Starting with the line that contains "in one variable" and stopping after the line that contains "Definition utmx (a", return each line below exactly as written, with no others.

==== DATA TO PROCESS ====

(* The diagonal of [f(a_1, ..., a_n)] is [(sum_s alpha_s)] times the product
   of the diagonals of the [a_i].  If this sum is nonzero, putting [M / sum]
   in one variable and [1] in the others yields every [M].  Otherwise the
   image lies in [J], and it is stable under every map [X |-> P X Q] that is
   a (non-unital) endomorphism of [UT_3]: conjugation by an invertible upper
   triangular matrix, or transplanting a diagonal 2x2 block onto another pair
   of indices.  An element of the image outside [J^2] is thus turned into the
   matrix units [e01], [e12], [e02] (indices from 0), and every element of [J]
   is conjugate to a multiple of one of them, except those whose entries
   (0,1) and (1,2) are both nonzero; an element of that shape is found by a
   polynomial deformation argument, which needs [K] infinite.  If the image
   lies in [J^2], diagonal conjugation gives all of [J^2] or [{0}]. *)

Notation i0 := (@Ordinal 3 0 isT).
Notation i1 := (@Ordinal 3 1 isT).
Notation i2 := (@Ordinal 3 2 isT).

Lemma ord3P (i : 'I_3) : [\/ i = i0, i = i1 | i = i2].
Proof.
case: i => [[|[|[|//]]] ?]; [constructor 1 | constructor 2 | constructor 3];
  exact: val_inj.
Qed.

Ltac mx3_entrywise :=
  let i := fresh "i" in let j := fresh "j" in
  apply/matrixP => i j; do 3 rewrite ?mxE ?big_ord_recl ?big_ord0;
  case: (ord3P i) => ->; case: (ord3P j) => -> /=.

Section Coordinates.
Variable R : comRingType.

Definition mx3 (a00 a01 a02 a10 a11 a12 a20 a21 a22 : R) : 'M[R]_3 :=
  \matrix_(i, j) nth 0 (nth [::] [:: [:: a00; a01; a02]; [:: a10; a11; a12];
                                      [:: a20; a21; a22]] i) j.

Definition utmx (a b c d e f : R) : 'M[R]_3 := mx3 a b c 0 d e 0 0 f.

Lemma utmx_mul a b c d e f a' b' c' d' e' f' :
  utmx a b c d e f *m utmx a' b' c' d' e' f' =
  utmx (a * a') (a * b' + b * d') (a * c' + b * e' + c * f')
       (d * d') (d * e' + e * f') (f * f').
Proof. mx3_entrywise; ring. Qed.

Lemma utmx1 : utmx 1 0 0 1 0 1 = 1.
Proof. by mx3_entrywise. Qed.

Lemma utmx0 : utmx 0 0 0 0 0 0 = 0.
Proof. by mx3_entrywise. Qed.

Definition shift_mx : 'M[R]_3 := mx3 0 1 0 0 0 1 0 0 0.
Definition corner_mx : 'M[R]_3 := mx3 1 0 0 0 0 0 0 1 0.

Lemma pid2_utmx a b c d e f :
  pid_mx 2 *m utmx a b c d e f *m pid_mx 2 = utmx a b 0 d 0 0.
Proof. mx3_entrywise; ring. Qed.

Lemma shift_utmx a b c d e f :
  shift_mx *m utmx a b c d e f *m shift_mx^T = utmx d e 0 f 0 0.
Proof. mx3_entrywise; ring. Qed.

Lemma shiftT_utmx a b c d e f :
  shift_mx^T *m utmx a b c d e f *m shift_mx = utmx 0 0 0 a b d.
Proof. mx3_entrywise; ring. Qed.

Lemma corner_utmx a b c d e f :
  corner_mx *m utmx a b c d e f *m corner_mx^T = utmx a 0 b 0 0 d.
Proof. mx3_entrywise; ring. Qed.

End Coordinates.

Lemma map_utmx (R S : comRingType) (g : {rmorphism R -> S}) a b c d e f :
  map_mx g (utmx a b c d e f) = utmx (g a) (g b) (g c) (g d) (g e) (g f).
Proof. by mx3_entrywise; rewrite ?rmorph0. Qed.

Section UpperTriangular.
Variable K : fieldType.
Implicit Types (A B : 'M[K]_3) (a b c d e f z : K).

Lemma utmx_UT3 a b c d e f : UT3 (utmx a b c d e f).
Proof.
move=> i j; rewrite mxE.
by case: (ord3P i) => ->; case: (ord3P j) => ->.
Qed.

Lemma UT3_utmxE A : UT3 A ->
  A = utmx (A i0 i0) (A i0 i1) (A i0 i2) (A i1 i1) (A i1 i2) (A i2 i2).
Proof.
move=> utA; apply/matrixP => i j; rewrite mxE.
by case: (ord3P i) => ->; case: (ord3P j) => -> //=; rewrite utA.
Qed.

Lemma UT3_mul A B : UT3 A -> UT3 B -> UT3 (A *m B).
Proof.
by move=> /UT3_utmxE -> /UT3_utmxE ->; rewrite utmx_mul; apply: utmx_UT3.
Qed.

Lemma UT3_mul_diag A B k : UT3 A -> UT3 B -> (A *m B) k k = A k k * B k k.
Proof.
move=> /UT3_utmxE -> /UT3_utmxE ->; rewrite utmx_mul !mxE.
by case: (ord3P k) => ->.
Qed.

Lemma UT3_add A B : UT3 A -> UT3 B -> UT3 (A + B).
Proof. by move=> utA utB i j ji; rewrite mxE utA // utB // addr0. Qed.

====

▶ WRITTEN ANSWER:
   in one variable and [1] in the others yields every [M].  Otherwise the
   image lies in [J], and it is stable under every map [X |-> P X Q] that is
   a (non-unital) endomorphism of [UT_3]: conjugation by an invertible upper
   triangular matrix, or transplanting a diagonal 2x2 block onto another pair
   of indices.  An element of the image outside [J^2] is thus turned into the
   matrix units [e01], [e12], [e02] (indices from 0), and every element of [J]
   is conjugate to a multiple of one of them, except those whose entries
   (0,1) and (1,2) are both nonzero; an element of that shape is found by a
   polynomial deformation argument, which needs [K] infinite.  If the image
   lies in [J^2], diagonal conjugation gives all of [J^2] or [{0}]. *)

Notation i0 := (@Ordinal 3 0 isT).
Notation i1 := (@Ordinal 3 1 isT).
Notation i2 := (@Ordinal 3 2 isT).

Lemma ord3P (i : 'I_3) : [\/ i = i0, i = i1 | i = i2].
Proof.
case: i => [[|[|[|//]]] ?]; [constructor 1 | constructor 2 | constructor 3];
  exact: val_inj.
Qed.

Ltac mx3_entrywise :=
  let i := fresh "i" in let j := fresh "j" in
  apply/matrixP => i j; do 3 rewrite ?mxE ?big_ord_recl ?big_ord0;
  case: (ord3P i) => ->; case: (ord3P j) => -> /=.

Section Coordinates.
Variable R : comRingType.

Definition mx3 (a00 a01 a02 a10 a11 a12 a20 a21 a22 : R) : 'M[R]_3 :=
  \matrix_(i, j) nth 0 (nth [::] [:: [:: a00; a01; a02]; [:: a10; a11; a12];
                                      [:: a20; a21; a22]] i) j.

Definition utmx (a b c d e f : R) : 'M[R]_3 := mx3 a b c 0 d e 0 0 f.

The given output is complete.